A brief examination of the example data is below. Particular attention should be paid to variable classes.
data(Birthwt)
names(Birthwt)
## [1] "X" "bwt" "low" "group"
class(Birthwt$X)
## [1] "matrix"
class(Birthwt$group)
## [1] "factor"
head(Birthwt$X) %>% round(3)
## age1 age2 age3 lwt1 lwt2 lwt3 white black smoke ptl1
## [1,] -0.058 0.011 0.030 0.124 -0.021 -0.131 0 1 0 0
## [2,] 0.134 0.055 -0.097 0.060 -0.069 -0.033 0 0 0 0
## [3,] -0.045 -0.009 0.045 -0.059 0.037 0.005 1 0 1 0
## [4,] -0.031 -0.026 0.052 -0.052 0.024 0.019 1 0 1 0
## [5,] -0.072 0.035 0.005 -0.054 0.028 0.015 1 0 1 0
## [6,] -0.031 -0.026 0.052 -0.014 -0.033 0.050 0 0 0 0
## ptl2m ht ui ftv1 ftv2 ftv3m
## [1,] 0 0 1 0 0 0
## [2,] 0 0 0 0 0 1
## [3,] 0 0 0 1 0 0
## [4,] 0 0 1 0 1 0
## [5,] 0 0 1 0 0 0
## [6,] 0 0 0 0 0 0
Birthwt$group
## [1] age age age lwt lwt lwt race race smoke ptl ptl
## [12] ht ui ftv ftv ftv
## Levels: age lwt race smoke ptl ht ui ftv
Next we’ll fit a regression for birthweight as a response and the grouped variables as predictors.
X <- Birthwt$X
group <- Birthwt$group
y <- Birthwt$bwt
fit_lasso <- grpreg(X, y, group, penalty="grLasso")
fit_MCP <- grpreg(X, y, group, penalty="grMCP")
fit_SCAD <- grpreg(X, y, group, penalty="grSCAD")
par(mfrow = c(1,3))
plot(fit_lasso)
plot(fit_MCP)
plot(fit_SCAD)
par(mfrow = c(1,1))
Examining coefficients at a few choices of the tuning parameter is also informative.
fit_MCP$beta[,c(5,10,70)]
## 0.1423 0.0894 3e-04
## (Intercept) 2.9847260 3.028699341 3.04928708
## age1 0.0000000 0.000000000 -0.09001391
## age2 0.0000000 0.000000000 1.59194313
## age3 0.0000000 0.000000000 0.90987958
## lwt1 0.0000000 0.000000000 1.93659352
## lwt2 0.0000000 0.000000000 0.07143946
## lwt3 0.0000000 0.000000000 1.38307317
## white 0.0000000 0.155192524 0.29586905
## black 0.0000000 -0.030621984 -0.15814094
## smoke 0.0000000 -0.187487961 -0.28375954
## ptl1 0.0000000 -0.028264345 -0.29196459
## ptl2m 0.0000000 0.007203366 0.23117756
## ht 0.0000000 -0.178464664 -0.56812596
## ui -0.2709362 -0.476738463 -0.48195970
## ftv1 0.0000000 0.000000000 0.08821129
## ftv2 0.0000000 0.000000000 0.02498277
## ftv3m 0.0000000 0.000000000 -0.17039698
The grpreg
package has two approaches for choosing the tuning parameter: selection using an information criterion and cross validation. The code below briefly compares these approaches using a Lasso penalty.
coef_BIC = grpreg::select(fit_lasso, "BIC")$beta
coef_AIC = grpreg::select(fit_lasso, "AIC")$beta
fit_cv = cv.grpreg(X, y, group, penalty = "grLasso", seed = 1)

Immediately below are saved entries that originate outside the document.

(* The Dirac combination sum_k c_k delta_(x_k) is obtained from the duality
   assumption rather than constructed; its variation is bounded by the operator norm. *)
Lemma dual_discrete_measure m (x : 'I_m -> X) (c : 'I_m -> R) :
  dual_C0_is_M R X -> exists p n : fmeas,
  (forall f, C0 f -> sint p n f = \sum_(k < m) c k * f (x k)) /\
  tvar p n <= \sum_(k < m) `|c k|.
Proof.
move=> [dual_repr dual_norm].
pose T (f : X -> R) := \sum_(k < m) c k * f (x k).
have Tle f : C0 f -> `|T f| <= (\sum_(k < m) `|c k|) * supnorm f.
  move=> hf; have [M hM] := C0_bounded hf.
  rewrite /T mulr_suml; apply: le_trans (ler_norm_sum _ _ _) _.
  by apply: ler_sum => k _; rewrite normrM ler_wpM2l // (supnorm_ub _ hM).
have bT : bdd_lin_C0 T.
  split; last by exists (\sum_(k < m) `|c k|).
  move=> a b f g _ _; rewrite /T !mulr_sumr -big_split /=.
  by apply: eq_bigr => k _; ring.
have [p [n hpn]] := dual_repr T bT; exists p, n.
split; first by move=> f hf; rewrite -hpn.
have sup0 : supnorm (fun _ : X => 0 : R) <= 1.
  by apply: supnorm_le => // y; rewrite normr0.
rewrite -dual_norm; apply: ge_sup.
  by exists `|sint p n (fun _ => 0)|, (fun _ => 0); split => //; exact: C0_0.
move=> _ [f [hf f1] <-]; rewrite -hpn //.
apply: le_trans (Tle f hf) _; rewrite -[leRHS]mulr1 ler_wpM2l //.
exact: sumr_ge0.
Qed.

End C0Functionals.

Section TotalVariation.
Variables (R : realType) (X : ptopologicalType).
Notation fmeas := {finite_measure set Borel X -> \bar R}.

Lemma smeas_le (p n : fmeas) (A : set (Borel X)) : measurable A ->
  (`|smeas p n A|%:E <= p A + n A)%E.
Proof.
move=> mA; rewrite -(fineK (fin_num_measure p A mA)).
rewrite -(fineK (fin_num_measure n A mA)) -EFinD lee_fin /smeas.
by rewrite (le_trans (ler_normB _ _)) // !ger0_norm // fine_ge0.
Qed.

Lemma tvar_has_sup (p n : fmeas) :
  has_sup [set r | exists k (A : 'I_k -> set (Borel X)),
    (forall i, measurable (A i)) /\ trivIset setT A /\
    r = \sum_(i < k) `|smeas p n (A i)|].
Proof.
split; first by exists 0, 0, (fun _ => set0); split => //; split;
  [exact: trivIset_set0 | rewrite big_ord0].
exists (fine (p setT) + fine (n setT)) => _ [k [A [mA [tA ->]]]].
rewrite -lee_fin -sumEFin EFinD !fineK ?fin_num_measure //.
apply: (@le_trans _ _ (\sum_(i < k) (p (A i) + n (A i)))%E).
  by apply: lee_sum => i _; exact: smeas_le.
have mU : measurable (\big[setU/set0]_(i < k) A i) by exact: bigsetU_measurable.
rewrite big_split /= -!measure_semi_additive_ord //.
by apply: leeD; apply: le_measure; rewrite ?inE.
Qed.

Lemma tvar_ge_partition (p n : fmeas) k (A : 'I_k -> set (Borel X)) :
  (forall i, measurable (A i)) -> trivIset setT A ->
  \sum_(i < k) `|smeas p n (A i)| <= tvar p n.
Proof.
move=> mA tA; apply: sup_upper_bound; first exact: tvar_has_sup.
by exists k, A.
Qed.

Lemma tvar_ge0 (p n : fmeas) : 0 <= tvar p n.
Proof.
have := @tvar_ge_partition p n 0 (fun _ => set0); rewrite big_ord0; apply => //.
exact: trivIset_set0.
Qed.

Lemma sint_eq_cross (p n p' n' : fmeas) :
  (forall A, measurable A -> (p A + n' A = n A + p' A)%E) ->
  forall g, bounded_measurable g -> sint p n g = sint p' n' g.
Proof.
move=> hE g bg.
have eqi : (\int[measure_add p n']_x (g x)%:E = \int[measure_add n p']_x (g x)%:E)%E.
  apply: eq_measure_integral => B mB _.
  by rewrite -[LHS]/(measure_add p n' B) -[RHS]/(measure_add n p' B) !measure_addE hE.
have mg : measurable_fun [set: Borel X] (EFin \o g).
  by apply/measurable_EFinP; exact: bg.1.
have fin (q : fmeas) := integrable_fin_num measurableT (bounded_measurable_integrable q bg).
rewrite !integral_measure_add // in eqi; try exact: bounded_measurable_integrable.
move: eqi; rewrite /sint -(fineK (fin p)) -(fineK (fin n)) -(fineK (fin p')) -(fineK (fin n')).
by rewrite -!EFinD => -[h]; lra.
Qed.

coef_CV = fit_cv$fit$beta[,fit_cv$min]
cbind(coef_BIC, coef_AIC, coef_CV)
## coef_BIC coef_AIC coef_CV
## (Intercept) 3.02538346 3.03741741 3.03741741
## age1 0.12939932 0.10916651 0.10916651
## age2 0.51412019 1.06086870 1.06086870
## age3 0.30721680 0.63752807 0.63752807
## lwt1 0.62866631 1.24964955 1.24964955
## lwt2 -0.15130777 -0.11980997 -0.11980997
## lwt3 0.49392658 0.94294413 0.94294413
## white 0.16770938 0.23783089 0.23783089
## black -0.05346525 -0.09790261 -0.09790261
## smoke -0.17439310 -0.23338665 -0.23338665
## ptl1 -0.15787913 -0.23510414 -0.23510414
## ptl2m 0.04441185 0.12112364 0.12112364
## ht -0.26668574 -0.41917167 -0.41917167
## ui -0.36973323 -0.42380726 -0.42380726
## ftv1 0.00000000 0.02974538 0.02974538
## ftv2 0.00000000 0.01099763 0.01099763
## ftv3m 0.00000000 -0.03967641 -0.03967641
Next we’ll take a few minutes for some independent coding. Using the DTI dataset, create predictors based on averaging across profiles. Grouping these within tracts (or within modalities), use these as predictors of pasat or case.